MMO has worked for me too. Do all of the above it possible. Good luck and welcome.
Hey,
Just keep in mind, that un-sticking the flathead so it rotates over is different then "unsticking" the valves. You may be able to get the engine to rotate fine, but the valves may still stick in the open position once opened by the cam. This was the problem I ran into with my engine. I used a combination of MMO/Acetone to get the engine unstuck, then rotated it to identify the valves that were sticking once the heads were removed. Over the corse of a couple days I would rotate it with the hand crank and continue to spray the valve stems / guides. When one of the valves would stick, I could usually lightly tap it with a very small dead-blow, usually just the weight of the hammer dropping from 3 inches or so was enough to get it to move (LIGHTLY TAP IT!!!). After a couple of days letting it sit, then rotating, the valves all freed-up. I ended up disassembling the valve-train and putting all new valves, springs, keepers, guides.. in so I have no idea how it would have run, but all the valves were freed up and returned to their seats once loose.
Pretty much what they all said, and congratulations on your find and welcome to the madness. Two speed axle? Brake booster? If so it's most likely a 2 ton, rather than a 1 1/2 ton. We have seen some 3 tons but quite unusual. Please keep us filled in on your progress.
I don't know where it's a 2 ton or a 3 ton, it does have a two speed rear end. As for the motor it does turn over by hand (with a prybar) but he warned that the valves may be stuck open. I won't know until I pull the heads. As for the 2 ton vs 3 ton, how would you tell the difference? Also I am only able to work on the truck for a weekend at a time and very few weekends back to back, will this be a problem in unsticking the valves? Also below is what the truck looked like before the previous owner got his hands on it and the second is as it sat last time I was able to get up north. I have a 1937 cab that is going on the truck and am getting the Chevy wrecker to put parts on the bed.

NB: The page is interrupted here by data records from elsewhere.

(* Let $q$ be a prime power and let $A$ and $B$ be parity check matrices over $\mathbb{F}_q$ of the Hamming codes $[n_a,k_a,3]_q$ and $[n_b,k_b,3]_q$ respectively, where $n_a=(q^{m_a}-1)/(q-1)\ge3$, $n_b=(q^{m_b}-1)/(q-1)\ge3$, $k_a=n_a-m_a$, $k_b=n_b-m_b$. Let $C$ be the linear code over $\mathbb{F}_q$ with parity check matrix $H=A\otimes B$. Then: (1) $C$ has length $n=n_an_b$, dimension $k=n-m_am_b$ and minimum distance $d=3$; (2) the covering radius of $C$ is $\rho=\min\{m_a,m_b\}$; (3) $C$ is completely transitive, and therefore completely regular.
   Context: $A\otimes B$ denotes the Kronecker product (each entry $a_{r,s}$ of $A$ replaced by the block $a_{r,s}B$). The $q$-ary Hamming code with $m$ check symbols has a parity check matrix of size $m\times(q^m-1)/(q-1)$ whose columns are one nonzero representative of each one-dimensional subspace of $\mathbb{F}_q^m$. The covering radius of $C$ is $\max_{{\bf v}\in\mathbb{F}_q^n}\min_{{\bf c}\in C}\mathrm{wt}({\bf v}-{\bf c})$. The automorphism group $\mathrm{Aut}(C)$ consists of all $n\times n$ monomial matrices $M$ over $\mathbb{F}_q$ (exactly one nonzero entry in each row and column) with ${\bf c}M\in C$ for all ${\bf c}\in C$, together with (when $q$ is not prime) the field automorphisms of $\mathbb{F}_q$ preserving $C$ and their compositions; it acts on cosets by $\phi({\bf v}+C)=\phi({\bf v})+C$. A linear code with covering radius $\rho$ is completely transitive if $\mathrm{Aut}(C)$ has exactly $\rho+1$ orbits on the set of cosets of $C$. A code $C$ is completely regular if for each $l\ge0$ every vector in $C(l)=\{{\bf x}:d({\bf x},C)=l\}$ has the same number $c_l$ of neighbors (vectors at Hamming distance 1) in $C(l-1)$ and the same number $b_l$ of neighbors in $C(l+1)$. *)

From HB Require Import structures.
From mathcomp Require Import all_boot all_order all_algebra all_field.
Set Implicit Arguments. Unset Strict Implicit. Unset Printing Implicit Defensive.
Import GRing.Theory.
Local Open Scope ring_scope.

Section Codes.
Variable F : finFieldType.

(* entry of a matrix at natural-number indices (0 outside the range) *)
Definition ent m n (A : 'M[F]_(m, n)) (r s : nat) : F :=
  match @insub _ (fun k => k < m)%N 'I_m r, @insub _ (fun k => k < n)%N 'I_n s with
  | Some i, Some j => A i j
  | _, _ => 0
  end.

(* Kronecker product: entry ((r*m2 + i), (s*n2 + j)) is a_{r,s} b_{i,j} *)
Definition kron m1 n1 m2 n2 (A : 'M[F]_(m1, n1)) (B : 'M[F]_(m2, n2))
  : 'M[F]_(m1 * m2, n1 * n2) :=
  \matrix_(i, j) (ent A (i %/ m2) (j %/ n2) * ent B (i %% m2) (j %% n2)).

(* A is a parity check matrix of a q-ary Hamming code with m check symbols:
   its columns are nonzero, no two distinct columns span the same line, and
   every one-dimensional subspace of F^m is spanned by some column. *)
Definition hamming_pcm m n (A : 'M[F]_(m, n)) : Prop :=
  [/\ forall j : 'I_n, col j A != 0,
      forall (j1 j2 : 'I_n) (a : F), col j1 A = a *: col j2 A -> j1 = j2 &
      forall v : 'cV[F]_m, v != 0 -> exists (j : 'I_n) (a : F), v = a *: col j A].

Definition code r n (H : 'M[F]_(r, n)) : {set 'rV[F]_n} :=
  [set c : 'rV[F]_n | c *m H^T == 0].

Definition wt n (v : 'rV[F]_n) : nat := #|[set j : 'I_n | v 0 j != 0]|.
Definition hdist n (u v : 'rV[F]_n) : nat := wt (u - v).

Definition min_distance n (C : {set 'rV[F]_n}) : nat :=
  \big[minn/n]_(c in C | c != 0) wt c.

(* distance from a vector to the code (n is an upper bound) *)
Definition dist_to n (C : {set 'rV[F]_n}) (v : 'rV[F]_n) : nat :=
  \big[minn/n]_(c in C) hdist v c.

Definition covering_radius n (C : {set 'rV[F]_n}) : nat :=
  \max_(v : 'rV[F]_n) dist_to C v.

Definition monomial n (M : 'M[F]_n) : bool :=
  [forall i, #|[set j | M i j != 0]| == 1%N] &&
  [forall j, #|[set i | M i j != 0]| == 1%N].

Definition field_aut (s : {ffun F -> F}) : bool :=
  [forall x, forall y, (s (x + y) == s x + s y) && (s (x * y) == s x * s y)]
  && (s 1 == 1) && injectiveb s.

Definition preserves n (f : 'rV[F]_n -> 'rV[F]_n) (C : {set 'rV[F]_n}) : bool :=
  [forall c in C, f c \in C].

(* generators of Aut(C) acting on cosets: coset v + C is sent to coset w + C *)
Definition aut_step n (C : {set 'rV[F]_n}) : rel 'rV[F]_n := fun v w =>
  [exists M : 'M[F]_n,
      [&& monomial M, preserves (fun c => c *m M) C & v *m M - w \in C]]
  || [exists s : {ffun F -> F},
      [&& field_aut s, preserves (map_mx s) C & map_mx s v - w \in C]].

(* orbits of Aut(C) on the cosets, each orbit represented by the union of
   its cosets (the group generated is finite, so the reflexive-transitive
   closure of the generator steps is the orbit relation) *)
Definition aut_coset_orbits n (C : {set 'rV[F]_n}) : {set {set 'rV[F]_n}} :=
  [set [set w | connect (aut_step C) v w] | v : 'rV[F]_n].

Definition completely_transitive n (C : {set 'rV[F]_n}) : Prop :=
  #|aut_coset_orbits C| = (covering_radius C).+1.

Definition completely_regular n (C : {set 'rV[F]_n}) : Prop :=
  (forall (l : nat) (x y : 'rV[F]_n), dist_to C x = l.+1 -> dist_to C y = l.+1 ->
     #|[set z | (hdist x z == 1%N) && (dist_to C z == l)]|
     = #|[set z | (hdist y z == 1%N) && (dist_to C z == l)]|) /\
  (forall (l : nat) (x y : 'rV[F]_n), dist_to C x = l -> dist_to C y = l ->
     #|[set z | (hdist x z == 1%N) && (dist_to C z == l.+1)]|
     = #|[set z | (hdist y z == 1%N) && (dist_to C z == l.+1)]|).

End Codes.

From HB Require Import structures.
From mathcomp Require Import all_boot all_order all_algebra all_field.
From mathcomp.real_closed Require Import mxtens.
Import GRing.Theory.
Local Open Scope ring_scope.

Set Implicit Arguments. Unset Strict Implicit. Unset Printing Implicit Defensive.

(* Index the coordinates of F^(na*nb) by pairs, so that a vector v is an
   na x nb matrix V, its Hamming weight is the number of nonzero entries of V,
   and since H = A (x) B its syndrome is the ma x mb matrix S(v) = A V B^T.
   The whole proof rests on one identity:  d(v, C) = rank S(v).
   - (>=) every word of the coset v + C has syndrome S(v), and
     rank (A W B^T) <= rank W <= (number of nonzero entries of W);
   - (<=) write S(v) as a sum of rank S(v) rank-one matrices x y^T; as the
     columns of A and of B span every line, x y^T = A (a e_ij) B^T, so S(v)
     is the syndrome of a vector of weight at most rank S(v).
   Hence the covering radius is the largest rank, min ma mb.  Any two columns
   of a Hamming matrix are independent, which gives minimum distance 3.
   For transitivity, syndromes of equal rank are related by S |-> P S Q^T with
   P, Q invertible; an invertible matrix permutes the lines spanned by the
   columns of A, i.e. A D = P A for a monomial D, and D1^T (x) D2^T is then a
   monomial automorphism of C relating the two cosets.  Conversely monomial
   maps and field automorphisms preserve weights and C, hence the rank: the
   orbits on cosets are the min ma mb + 1 rank classes.  The same automorphism
   matches the neighbours of two vectors at equal distance, which gives
   complete regularity. *)

Lemma bigminn_le (T : finType) (P : pred T) (f : T -> nat) d x :
  P x -> (\big[minn/d]_(i | P i) f i <= f x)%N.
Proof.
move=> Px; have : x \in index_enum T by rewrite mem_index_enum.
elim: (index_enum T) => [//|y s IHs]; rewrite big_cons inE => /orP[/eqP <-|/IHs le_fx].
  by rewrite Px geq_minl.
by case: ifP => _ //; apply: leq_trans (geq_minr _ _) le_fx.
Qed.
(* If [f t < x], the maximum of [f] on [0, t] is interior (the particle starts moving right),
   hence a turning point, where energy conservation forces [kinetic = 0], excluded by (ii). *)
Lemma solution_ge_start t : 0 <= t -> x <= f t.
Proof.
  intros Ht. destruct (Rle_lt_dec x (f t)) as [| Hlt]; [assumption | exfalso].
  assert (Htp : 0 < t) by (destruct (Rle_lt_or_eq_dec 0 t Ht) as [| <-]; [assumption | lra]).
  destruct (is_derive_pos_locally fe 0 (df 0) (is_derive_fe 0 (Rle_refl 0))) as [d [Hd0 Hinc]];
    [lra |].
  set (h := Rmin d t / 2).
  assert (0 < Rmin d t) by (apply Rmin_pos; lra).
  pose proof (Rmin_l d t). pose proof (Rmin_r d t).
  destruct (Hinc h ltac:(unfold h; lra)) as [_ Hh]. rewrite Rplus_0_l in Hh.
  destruct (continuity_ab_maj fe 0 t Ht (fun c _ => continuity_fe c)) as [M [HM HMt]].
  assert (fe 0 = x) by (rewrite fe_nonneg; lra).
  assert (fe t = f t) by (apply fe_nonneg; lra).
  assert (fe h <= fe M) by (apply HM; unfold h; lra).
  assert (HMint : 0 < M < t).
  { split.
    - destruct (Rle_lt_or_eq_dec 0 M (proj1 HMt)) as [| <-]; [assumption | lra].
    - destruct (Rle_lt_or_eq_dec M t (proj2 HMt)) as [| ->]; [assumption | lra]. }
  assert (Hturn : df M = 0).
  { apply (is_derive_interior_max fe M (df M) 0 t); [apply is_derive_fe; lra | exact HMint |].
    intros s Hs; apply HM; lra. }
  pose proof (energy_conservation M ltac:(lra)) as HEn. rewrite Hturn in HEn.
  pose proof (Hkin (f M) ltac:(rewrite <- fe_nonneg by lra; lra)). lra.
Qed.

Lemma solution_speed_pos t : 0 <= t -> 0 < df t.
Proof.
  intros Ht.
  assert (Hnz : forall s, 0 <= s -> df s <> 0).
  { intros s Hs Hz. pose proof (energy_conservation s Hs) as HEn. rewrite Hz in HEn.
    pose proof (Hkin (f s) (solution_ge_start s Hs)). lra. }
  destruct (Rlt_le_dec 0 (df t)) as [| Hle]; [assumption | exfalso].
  destruct (IVT_gen dfe 0 t 0 continuity_dfe) as [s [Hs Hs0]].
  - unfold dfe; rewrite !extend_left_nonneg, Rmin_right, Rmax_left by lra. lra.
  - rewrite Rmin_left, Rmax_right in Hs by lra.
    unfold dfe in Hs0; rewrite extend_left_nonneg in Hs0 by lra. apply (Hnz s); [lra | exact Hs0].
Qed.

Lemma solution_speed t : 0 <= t -> df t = sqrt (2 * kinetic F v x (f t)).
Proof.
  intros Ht. rewrite <- energy_conservation by exact Ht.
  rewrite sqrt_pow2; [reflexivity |]. apply Rlt_le, solution_speed_pos, Ht.
Qed.

Lemma solution_increasing t1 t2 : 0 <= t1 < t2 -> f t1 < f t2.
Proof.
  intros Ht. rewrite <- !fe_nonneg by lra.
  apply (is_derive_pos_lt fe df); [lra | |]; intros s Hs.
  - apply is_derive_fe; lra.
  - apply solution_speed_pos; lra.
Qed.

Lemma is_derive_RInt_inv_speed s : x <= s ->
  is_derive (fun b => RInt (inv_speed F v x) x b) s (inv_speed F v x s).
Proof.
  intros Hs. destruct (kinetic_pos_left F v HF x Hkin) as [d [Hd0 Hpos]].
  apply (is_derive_RInt (V := R_NormedModule) (inv_speed F v x) _ x s).
  - exists (mkposreal d Hd0). intros b Hb. apply Rabs_def2 in Hb. simpl in Hb.
    unfold minus, plus, opp in Hb; simpl in Hb.
    apply (RInt_correct (V := R_CompleteNormedModule)).
    apply (ex_RInt_continuous (V := R_CompleteNormedModule)).
    intros z Hz. apply continuous_inv_speed; [exact HF | apply Hpos].
    assert (x - d <= Rmin x b) by (apply Rmin_glb; lra). lra.
  - apply continuous_inv_speed; [exact HF | apply Hkin, Hs].
Qed.

Lemma hitting_time_RInt t : 0 <= t -> RInt (inv_speed F v x) x (f t) = t.
Proof.
  intros Ht. set (Psi := fun s => RInt (inv_speed F v x) x (fe s) - s).
  assert (HPsi : Psi t = Psi 0).
  { apply is_derive_zero_eq; [exact Ht |]. intros s Hs. unfold Psi.
    evar (l : R); replace 0 with l.
    - apply (is_derive_minus (fun s => RInt (inv_speed F v x) x (fe s)) (fun s => s)).
      + apply (is_derive_comp (fun b => RInt (inv_speed F v x) x b) fe).
        * apply is_derive_RInt_inv_speed. rewrite fe_nonneg by lra. apply solution_ge_start; lra.
        * apply is_derive_fe; lra.
      + apply is_derive_id.
    - unfold l. rewrite fe_nonneg, solution_speed by lra.
      unfold minus, plus, opp, scal, one; simpl; unfold mult; simpl.
      rewrite Rmult_comm, inv_speed_sqrt; [ring |].
      apply Hkin, solution_ge_start; lra. }
  unfold Psi in HPsi. rewrite !fe_nonneg, Hf0, RInt_point in HPsi by lra.
  unfold zero in HPsi; simpl in HPsi. lra.
Qed.

(* The position cannot stay below [Y] for longer than the time [RInt (inv_speed F v x) x Y]
   that the hitting-time formula would then assign to it. *)
Lemma solution_hits Y : x <= Y -> exists tau, 0 <= tau /\ f tau = Y.
Proof.
  intros HY.
  assert (Hint : forall a b, x <= a <= b -> ex_RInt (inv_speed F v x) a b).
  { intros a b Hab. apply (ex_RInt_continuous (V := R_CompleteNormedModule)). intros z Hz.
    apply continuous_inv_speed; [exact HF | apply Hkin].
    rewrite Rmin_left in Hz by lra. lra. }
  assert (Hge0 : forall a b, x <= a <= b -> 0 <= RInt (inv_speed F v x) a b).
  { intros a b Hab. apply RInt_ge_0; [lra | apply Hint, Hab |].
    intros; apply Rlt_le, inv_speed_pos. }
  set (t := RInt (inv_speed F v x) x Y + 1).
  assert (Ht : 0 <= t) by (pose proof (Hge0 x Y ltac:(lra)); unfold t; lra).
  assert (Hft : Y <= f t).
  { destruct (Rle_lt_dec Y (f t)) as [| Hlt]; [assumption | exfalso].
    pose proof (solution_ge_start t Ht).
    pose proof (RInt_Chasles (inv_speed F v x) x (f t) Y
                  (Hint x (f t) ltac:(lra)) (Hint (f t) Y ltac:(lra))) as HC.
    rewrite hitting_time_RInt in HC by exact Ht.
    pose proof (Hge0 (f t) Y ltac:(lra)). unfold plus in HC; simpl in HC. unfold t in *. lra. }
  destruct (IVT_gen fe 0 t Y continuity_fe) as [tau [Htau Hfe]].
  - rewrite !fe_nonneg, Hf0, Rmin_left, Rmax_right by lra. lra.
  - rewrite Rmin_left in Htau by lra. exists tau. split; [lra |].
    rewrite <- fe_nonneg by lra. exact Hfe.
Qed.

Lemma first_time_solution Y : x <= Y ->
  first_time f Y = RInt (inv_speed F v x) x Y /\ 0 <= first_time f Y /\ f (first_time f Y) = Y.
Proof.
  intros HY. destruct (solution_hits Y HY) as [tau [Htau <-]].
  rewrite first_time_increasing by (exact solution_increasing || exact Htau).
  rewrite hitting_time_RInt by exact Htau. auto.
Qed.

End Particle.

(** * Dependence of the hitting time on the starting point *)

Section HittingTimeDerivative.
Variables F v : R -> R.
Hypothesis HF : forall z, continuity_pt F z.
Hypothesis Hv : forall u, ex_derive v u.
Hypothesis Hdv : forall u, continuity_pt (Derive v) u.

Lemma kinetic_pos_locally_2d u t : 0 < kinetic F v u t ->
  locally_2d (fun a b => 0 < kinetic F v a b) u t.
Proof.
  intros Hk. destruct (continuity_2d_pt_kinetic F v HF Hv u t (mkposreal _ Hk)) as [d Hd].
  exists d. intros a b Ha Hb. specialize (Hd a b Ha Hb). simpl in Hd.
  apply Rabs_def2 in Hd. lra.
Qed.

Lemma continuity_2d_pt_Derive_inv_speed u t : 0 < kinetic F v u t ->
  continuity_2d_pt (fun a b => Derive (fun z => inv_speed F v z b) a) u t.
Proof.
  intros Hk.
  apply (continuity_2d_pt_ext_loc
           (fun a b => - dH0 F v a / (2 * sqrt 2) * / Rpower (kinetic F v a b) (3 / 2))).
  - destruct (kinetic_pos_locally_2d u t Hk) as [d Hd]. exists d. intros a b Ha Hb.
    symmetry. apply is_derive_unique, is_derive_inv_speed_l;
      [exact HF | exact Hv | apply Hd; assumption].
  - apply (continuity_2d_pt_mult (fun a _ => - dH0 F v a / (2 * sqrt 2))).
    + apply (continuity_1d_2d_pt_comp (fun a => - dH0 F v a / (2 * sqrt 2)) (fun a _ => a));
        [| apply continuity_2d_pt_id1].
      apply continuity_pt_div; [| apply continuity_pt_const; intros ? ?; reflexivity |].
      * apply continuity_pt_opp, continuity_pt_minus; [apply continuity_pt_mult | apply HF].
        -- destruct (Hv u) as [l Hl]. exact (is_derive_continuity_pt v u l Hl).
        -- apply Hdv.
      * assert (0 < sqrt 2) by (apply sqrt_lt_R0; lra). lra.
    + apply continuity_2d_pt_inv; [| apply Rgt_not_eq, Rpower_pos].
      apply (continuity_1d_2d_pt_comp (fun w => Rpower w (3 / 2)) (kinetic F v)).
      * apply continuity_pt_Rpower, Hk.
      * apply continuity_2d_pt_kinetic; assumption.
Qed.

If the engine turns over, it would seem to me that one could remove all of the spark plugs and do a compression test. You could do this before pulling the heads. Any cylinders with no compression could indicate a valve is stuck. I would put Marvel oil in each cylinder to lubricate the piston rings. Initial testing for compression could be as easy as putting your finger in the spark plug hole and see if it gets pushed away by compression when the engine is turned. You can follow up with a compression gauge. Who knows?? You might not have to pull the heads.
Rickster makes a good point. AND,,, That is an awesome wrecker body. I sold my '37 1 1/2 ton about 2 1/2 years ago, just coming out of that recession. I always have a lot of ford trucks, but 2007-2015 cleared the lot pretty well. Can't wait to see the finished product. Did I tell you how cool the wrecker body is???